Record set
# # # #

(* Suppose a social choice function $f$ is rationalizably implemented by a mechanism $\mathcal{M}$. Then for all $\theta,\theta'\in\Theta$: if $S_i^{\mathcal{M},\theta}\subseteq S_i^{\mathcal{M},\theta'}$ for every $i\in\mathcal{I}$, then $S_i^{\mathcal{M},\theta}=S_i^{\mathcal{M},\theta'}$ for every $i\in\mathcal{I}$.
   Context: Setting: $\mathcal{I}$ is a finite set of agents with $|\mathcal{I}|\ge3$; $\Theta$ is a finite set of states; $Z$ is a countable set of pure outcomes; $Y=\Delta(Z)$ is the set of lotteries on $Z$, each $z\in Z$ identified with the degenerate lottery. Each agent $i$ has at each state $\theta$ a utility $u_i(\cdot,\theta):Z\to\mathbb{R}$, extended to $Y$ by expected utility. An SCF is a map $f:\Theta\to Z$ (assumed with $|f(\Theta)|\ge2$). A mechanism is $\mathcal{M}=\langle M=\times_iM_i,\ g:M\to Y\rangle$ with each $M_i$ countable. For state $\theta$ and profile $S=(S_i)_i$, $S_i\subseteq M_i$, $b_i^{\mathcal{M},\theta}(S)$ is the set of $m_i\in M_i$ for which there is a probability distribution $\lambda_{-i}$ on $M_{-i}$ supported in $S_{-i}=\times_{j\ne i}S_j$ with $m_i\in\arg\max_{m_i'\in M_i}\sum_{m_{-i}}\lambda_{-i}(m_{-i})u_i(g(m_i',m_{-i}),\theta)$. $S^{\mathcal{M},\theta}=(S_i^{\mathcal{M},\theta})_i$ is the largest fixed point of the monotone operator $b^{\mathcal{M},\theta}=(b_i^{\mathcal{M},\theta})_i$ with respect to componentwise inclusion, identified with the product $\times_iS_i^{\mathcal{M},\theta}$. $f$ is rationalizably implemented by $\mathcal{M}$ if $g(S^{\mathcal{M},\theta})=\{f(\theta)\}$ for every $\theta\in\Theta$. *)

From HB Require Import structures.
From mathcomp Require Import all_boot all_order all_algebra.
From mathcomp Require Import all_classical all_reals all_analysis.
Unset Printing Implicit Defensive.
Import Order.TTheory GRing.Theory Num.Theory.
Local Open Scope classical_set_scope.
Local Open Scope ring_scope.

Definition is_prob {R : realType} {T : choiceType} (p : T -> R) : Prop :=
  (forall t, 0 <= p t) /\ (\esum_(t in [set: T]) (p t)%:E = 1)%E.

Record lottery (R : realType) (Z : choiceType) := Lottery {
  lot :> Z -> R ;
  lotP : is_prob lot }.
Arguments lot {R Z}.
Arguments lotP {R Z}.

Definition is_degenerate {R : realType} {Z : choiceType} (y : lottery R Z) (z : Z)
  : Prop := forall t, lot y t = if t == z then 1 else 0.

Definition eexpect {R : realType} {T : choiceType} (p : T -> R) (h : T -> \bar R)
  : \bar R :=
  (\esum_(t in [set: T]) ((fun t => (p t)%:E * h t)^\+ t)
   - \esum_(t in [set: T]) ((fun t => (p t)%:E * h t)^\- t))%E.

Definition EU {R : realType} {Z : choiceType} (v : Z -> R) (y : lottery R Z) : \bar R :=
  eexpect (lot y) (fun z => (v z)%:E).

Definition profile {I : finType} (M : I -> countType) := {dffun forall i, M i}.

Definition upd {I : finType} {M : I -> countType} (m : profile M) (i : I) (x : M i)
  : profile M := [ffun j => @dfwith I (fun k => M k) (fun k => m k) i x j].

(* A belief lambda_{-i} on M_{-i} is represented as a
   probability distribution on full profiles whose j-th components (j <> i)
   lie in S_j on its support; the i-th component is ignored since it is
   overwritten by the deviation m_i'. *)
Definition bestresp {R : realType} {I : finType} {Z : countType} {Theta : Type}
  {M : I -> countType} (g : profile M -> lottery R Z)
  (u : I -> Z -> Theta -> R) (theta : Theta)
  (S : forall i, set (M i)) (i : I) : set (M i) :=
  [set mi | exists lam : profile M -> R,
      [/\ is_prob lam,
          (forall m, lam m != 0 -> forall j, j != i -> S j (m j)) &
          forall mi' : M i,
            (eexpect lam (fun m => EU (fun z => u i z theta) (g (upd m i mi')))
             <= eexpect lam (fun m => EU (fun z => u i z theta) (g (upd m i mi))))%E]].

Definition is_rat_set {R : realType} {I : finType} {Z : countType} {Theta : Type}
  {M : I -> countType} (g : profile M -> lottery R Z)
  (u : I -> Z -> Theta -> R) (theta : Theta) (S : forall i, set (M i)) : Prop :=
  (forall i, bestresp g u theta S i = S i) /\
  (forall T : forall i, set (M i),
      (forall i, bestresp g u theta T i = T i) -> forall i, T i `<=` S i).

Definition rat_implements {R : realType} {I : finType} {Z : countType} {Theta : Type}
  {M : I -> countType} (g : profile M -> lottery R Z)
  (u : I -> Z -> Theta -> R) (f : Theta -> Z) : Prop :=
  forall theta (S : forall i, set (M i)), is_rat_set g u theta S ->
    (exists m : profile M, forall i, S i (m i)) /\
    (forall m : profile M, (forall i, S i (m i)) -> is_degenerate (g m) (f theta)).

From HB Require Import structures.
From mathcomp Require Import all_boot all_order all_algebra.
From mathcomp Require Import all_classical all_reals all_analysis.
Import Order.TTheory GRing.Theory Num.Theory.
Local Open Scope classical_set_scope.
Local Open Scope ring_scope.

(* Since S^theta is nonempty and contained in S^theta', the mechanism yields
   both f(theta) and f(theta') on a common profile, so f(theta) = f(theta').
   Now let m_i be in S_i^theta', and let m0_i in S_i^theta be a best reply to
   a belief lambda on S_-i^theta.  Against every profile in the support of
   lambda, m_i lands in S^theta' and m0_i in S^theta, so both yield the same
   degenerate lottery; hence m_i earns the same expected utility as m0_i and
   is a best reply to lambda as well, i.e. m_i is in b_i(S^theta) = S_i^theta. *)

Lemma upd_eq {I : finType} {M : I -> countType} (m : profile M) (i : I) (x : M i) :
  upd m i x i = x.
Proof. by rewrite /upd ffunE dfwithin. Qed.

Lemma upd_neq {I : finType} {M : I -> countType} (m : profile M) (i j : I) (x : M i) :
  j != i -> upd m i x j = m j.
Proof. by move=> ji; rewrite /upd ffunE dfwithout // eq_sym. Qed.

Lemma upd_in_product {I : finType} {M : I -> countType} {S : forall i, set (M i)}
    {m : profile M} {i : I} {x : M i} :
  (forall j, j != i -> S j (m j)) -> S i x -> forall j, S j (upd m i x j).
Proof.
move=> Sm Sx j; have [/eqP -> | ji] := boolP (j == i); first by rewrite upd_eq.
by rewrite upd_neq //; apply: Sm.
Qed.

Lemma eq_eexpect {R : realType} {T : choiceType} (p : T -> R) (h1 h2 : T -> \bar R) :
  (forall t, p t != 0 -> h1 t = h2 t) -> eexpect p h1 = eexpect p h2.
Proof.
move=> h12; rewrite /eexpect.
suff -> : (fun t => (p t)%:E * h1 t)%E = (fun t => (p t)%:E * h2 t)%E by [].
apply/funext => t; have [/eqP -> | /h12 -> //] := boolP (p t == 0).
by rewrite !mul0e.
Qed.

Lemma eq_EU {R : realType} {Z : choiceType} (v : Z -> R) (y1 y2 : lottery R Z) :
  lot y1 =1 lot y2 -> EU v y1 = EU v y2.
Proof. by move=> /funext; rewrite /EU => ->. Qed.

Lemma degenerate_lot_eq {R : realType} {Z : choiceType} {y1 y2 : lottery R Z} {z : Z} :
  is_degenerate y1 z -> is_degenerate y2 z -> lot y1 =1 lot y2.
Proof. by move=> d1 d2 t; rewrite d1 d2. Qed.

Lemma degenerate_inj {R : realType} {Z : choiceType} {y : lottery R Z} {z z' : Z} :
  is_degenerate y z -> is_degenerate y z' -> z = z'.
Proof.
move=> dz dz'; apply/eqP; apply: contraT => zz'.
by have := dz z; rewrite dz' eqxx (negbTE zz') => /esym/eqP; rewrite oner_eq0.
Qed.

Lemma bestresp_outcome_equiv {R : realType} {I : finType} {Z : countType}
    {Theta : Type} {M : I -> countType} {g : profile M -> lottery R Z}
    {u : I -> Z -> Theta -> R} {theta : Theta} {S : forall i, set (M i)}
    {i : I} {mi mi' : M i} :
  bestresp g u theta S i mi ->
  (forall m : profile M, (forall j, j != i -> S j (m j)) ->
     lot (g (upd m i mi')) =1 lot (g (upd m i mi))) ->
  bestresp g u theta S i mi'.
Proof.
move=> [lam [lam_prob lam_supp lam_best]] same.
exists lam; split => // mi''.
set payoff := fun x m => EU (fun z => u i z theta) (g (@upd _ M m i x)).
have -> : eexpect lam (payoff mi') = eexpect lam (payoff mi).
  by apply: eq_eexpect => m /lam_supp Sm; apply/eq_EU/same.
exact: lam_best.
Qed.

Lemma rat_implements_outcome_eq {R : realType} {I : finType} {Z : countType}
    {Theta : Type} {M : I -> countType} {g : profile M -> lottery R Z}
    {u : I -> Z -> Theta -> R} {f : Theta -> Z} {theta theta' : Theta}
    {S S' : forall i, set (M i)} :
  rat_implements g u f -> is_rat_set g u theta S -> is_rat_set g u theta' S' ->
  (forall i, S i `<=` S' i) -> f theta = f theta'.
Proof.
move=> impl rS rS' SS'.
have [[m Sm] degS] := impl theta S rS.
have [_ degS'] := impl theta' S' rS'.
exact: degenerate_inj (degS m Sm) (degS' m (fun i => SS' i _ (Sm i))).
Qed.

Theorem lemma1 (R : realType) (I : finType) (Theta : finType) (Z : countType)
  (u : I -> Z -> Theta -> R) (f : Theta -> Z)
  (hI : (3 <= #|I|)%N) (hf : exists th1 th2, f th1 != f th2)
  (M : I -> countType) (g : profile M -> lottery R Z)
  (himpl : rat_implements g u f) :
  forall (theta theta' : Theta) (S S' : forall i, set (M i)),
    is_rat_set g u theta S -> is_rat_set g u theta' S' ->
    (forall i, S i `<=` S' i) -> forall i, S i = S' i.
Proof.
move=> theta theta' S S' rS rS' SS' i.
have eq_f := rat_implements_outcome_eq himpl rS rS' SS'.
have [[m0 Sm0] degS] := himpl theta S rS.
have [_ degS'] := himpl theta' S' rS'.
have [fixS _] := rS.
apply/seteqP; split => [|mi S'mi]; first exact: SS'.
have br_m0 : bestresp g u theta S i (m0 i) by rewrite fixS.
rewrite -fixS; apply: (bestresp_outcome_equiv br_m0).
move=> m Sm; apply: (degenerate_lot_eq (z := f theta)).
- rewrite eq_f; apply: degS'; apply: (upd_in_product _ S'mi) => j ji.
  exact/SS'/Sm.
- apply: degS; exact: (upd_in_product Sm (Sm0 i)).
Qed.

# # # #

The task
Give the count of lines in the data above holding the word "have", and nothing beyond it.

Solution below
11